Ask most design addicts to name Australia’s most iconic holiday home and they might mention something by Glenn Murcutt, or even Richard Leplastrier. However, if ubiquity is any measure, the humble Beachcomber might just take the award.
You might not recognise the name, but there’s little doubt you’ll recognise the house. The Beachcomber, designed in 1961 by modernist architect Nino Sydney, can be found up and down the entire eastern seaboard of Australia, along with numerous inferior copies.
It was one of five display homes created for Lend Lease’s Kingsdene Estate in Carlingford (now Westminster Avenue) which opened in October 1961. The estate was a demonstration village covering some 46.5 hectares. Think of it as a less vulgar and more diffident precursor of today’s Homeworld.
Clarke, Gazzard and Yeomans worked on the village masterplan, under the auspices of Sydney. Rex Hazelwood was enlisted to take charge of the landscaping, utilising native plants. The northern edge of the estate was to remain a eucalypt forest (it didn’t).
All five homes in the display village were created by architects from the design department of Civil and Civic, which had recently been acquired by Lend Lease. But it was Sydney’s Beachcomber that was to prove the most popular by far, with around 200 of them built from 1961 to 1970.
The Beachcomber was a flat-roof pavilion raised on slim steel columns; a Villa Savoye for the middle class. Its elevated design meant it could be easily adapted to sloping bush blocks, as well as accommodate a laundry and carport beneath. The Lend Lease advertising brochure touted the Beachcomber as “An architectural triumph! Cantilevered, wide and sunny … a home designed to stay young for a lifetime!”
The home was rectangular in plan, with a living area and two of its three bedrooms opening out on to a full-length sun deck. It was light-filled and open, eons ahead of the dark and dingy suburban homes people were accustomed to. Its area (including the deck) was 127 square metres, reflecting the more modest aspirations of the time. To put that in perspective, the average Australian project home these days is around 240 square metres.
Generously appointed for its time, the Beachcomber also included floor to ceiling built-in robes in the bedrooms, and a separate toilet (at a time when many homes still had an outdoor dunny). It must have seemed impossibly modern with its Formica benchtops and splashbacks, and built-in automatic wall oven.
Sydney followed up the original Beachcomber, with a Mark II, Mark III, and Mark IV (1966).
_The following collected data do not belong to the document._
(* Let $n,r\ge1$, let $D=\{(\mathbf s_1,\mathbf t_1),\dots,(\mathbf s_r,\mathbf t_r)\}\subset\mathbb F_2^n\times\mathbb F_2^n$, fix $i\in\{1,\dots,n\}$, and let $f_i$, $p$, $I=\langle p\rangle$, $W_S$ and $$\Phi:\overline{\mathbb F}_2[\{c_S:S\subseteq[n]\}]\to\overline{\mathbb F}_2[\{b_H:H\subseteq[n]\}],\quad c_S\mapsto W_S,$$ be as follows: $f_i=\sum_{j=1}^r t_{j,i}\prod_{e=1}^n(1-(x_e-s_{j,e}))$, $p=\prod_{j=1}^r\bigl(1-\prod_{e=1}^n(1-(x_e-s_{j,e}))\bigr)$, and $W_S$ is the coefficient of $\prod_{l\in S}x_l$ in the reduction modulo $\langle x_e^2-x_e\rangle$ of $f_i+\bigl(\sum_{H\subseteq[n]}b_H\prod_{l\in H}x_l\bigr)p$. Let $\mathbb I(V^{ncf})=\bigcap_\sigma I_\sigma$ (intersection over all permutations $\sigma$ of $[n]$), where $$I_\sigma=\Bigl\langle c_{[n]}-1,\; c_S-c_{[r_S^\sigma]}\prod_{\sigma(k)\in[r_S^\sigma]\setminus S}c_{[n]\setminus\{\sigma(k)\}}\;:\;S\subsetneq[n]\Bigr\rangle\subseteq\overline{\mathbb F}_2[\{c_S:S\subseteq[n]\}].$$ Then the ideal of all nested canalyzing functions that fit the data set $D$ is $\mathbb I(V^{ncf})+\ker(\Phi)$; that is, the $\mathbb F_2$-rational points of $\mathbb V(\mathbb I(V^{ncf})+\ker\Phi)$, identified with Boolean polynomials via $(c_S)\leftrightarrow\sum_S c_S\prod_{l\in S}x_l$, are exactly the nested canalyzing functions $h$ on $n$ variables with $h(\mathbf s_j)=t_{j,i}$ for $j=1,\dots,r$.
   Context: Boolean functions $\mathbb F_2^n\to\mathbb F_2$ are identified with elements $\sum_{S\subseteq[n]}c_S\prod_{l\in S}x_l$ of $\mathbb F_2[x_1,\dots,x_n]/\langle x_e^2-x_e\rangle$ and with coefficient vectors $(c_S)\in\mathbb F_2^{2^n}$; $[n]=\{1,\dots,n\}$. A function ''on $n$ variables'' depends on each variable. A Boolean function $h$ on $n$ variables is nested canalyzing if there exist a permutation $\sigma$ of $[n]$ and $a_1,\dots,a_n,b_1,\dots,b_n\in\mathbb F_2$ such that $h(x)=b_k$ whenever $x_{\sigma(1)}\ne a_1,\dots,x_{\sigma(k-1)}\ne a_{k-1}$ and $x_{\sigma(k)}=a_k$ ($k=1,\dots,n$), and $h(x)=\overline{b_n}=1+b_n$ when $x_{\sigma(k)}\ne a_k$ for all $k$. For a permutation $\sigma$, the order $<_\sigma$ on $[n]$ is $\sigma(k)<_\sigma\sigma(l)\iff k<l$; for nonempty $S\subseteq[n]$, $r_S^\sigma$ denotes the index $m$ such that $\sigma(m)$ is the $<_\sigma$-largest element of $S$, and $[r_S^\sigma]=\{\sigma(1),\dots,\sigma(r_S^\sigma)\}$ (for $S=\emptyset$ the completion is empty). $V^{ncf}\subseteq\mathbb F_2^{2^n}$ denotes the set of coefficient vectors of all nested canalyzing functions, $V^{ncf}=\bigcup_\sigma V_\sigma^{ncf}$ with $V_\sigma^{ncf}$ the vectors with $c_{[n]}=1$ and $c_S=c_{[r_S^\sigma]}\prod_{\sigma(k)\in[r_S^\sigma]\setminus S}c_{[n]\setminus\{\sigma(k)\}}$; its ideal is $\bigcap_\sigma I_\sigma$. $\overline{\mathbb F}_2$ is the algebraic closure of $\mathbb F_2$. *)

From HB Require Import structures.
From mathcomp Require Import all_boot all_order all_algebra all_fingroup all_field.
From mathcomp Require Import mpoly.
Set Implicit Arguments. Unset Strict Implicit. Unset Printing Implicit Defensive.
Import GRing.Theory.
Local Open Scope ring_scope.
Although all have the same distinctive form, the latter versions had aluminium windows, a kitchen servery and improved cladding.
Author and architecture critic Charles Pickett is a huge fan of the Beachcomber and wrote about them in his book Designer Suburbs: Architects and Affordable Homes in Australia (2012).
“I think it’s probably the best project home ever,” Pickett says. “Nowadays they have become a cult object and people are seeking them out to restore.”
Fans of the home even flock to a dedicated website that tells you everything you ever wanted to know about the Beachcomber, but were too afraid to ask. The website was established by writer Helen Thurlow in 2012 and picked up a National Trust Heritage Award this year.
Since 1995, Thurlow has owned a Mark II Beachcomber in Avalon, an area that once boasted around 11 examples, due to their suitability on the hilly coastal terrain. “When we purchased it, my husband and I had a young family,” she says. “It’s been lovely, but it was a bit small when the kids were teenagers all wanting to use the bathroom. The underneath had already been enclosed, so that provided some much-needed overflow space.”
Thurlow’s Beachcomber is not a museum piece, but has been sympathetically renovated to cater for a modern lifestyle. “It’s contemporary but with a 1960s vibe,” she says. “I love my home. It’s a well-proportioned design, and made from quality materials. And there’s just so much light flooding through, it makes me feel like I’m always on holiday.”
She says her aim with the website is to build a community around the Beachcomber, and encourage people to preserve them. “They are such a wonderful example of Australian design, and I hate that we are losing at least one each year, particularly in areas such as Clontarf and Bronte, only to be replaced with a brick or concrete box.”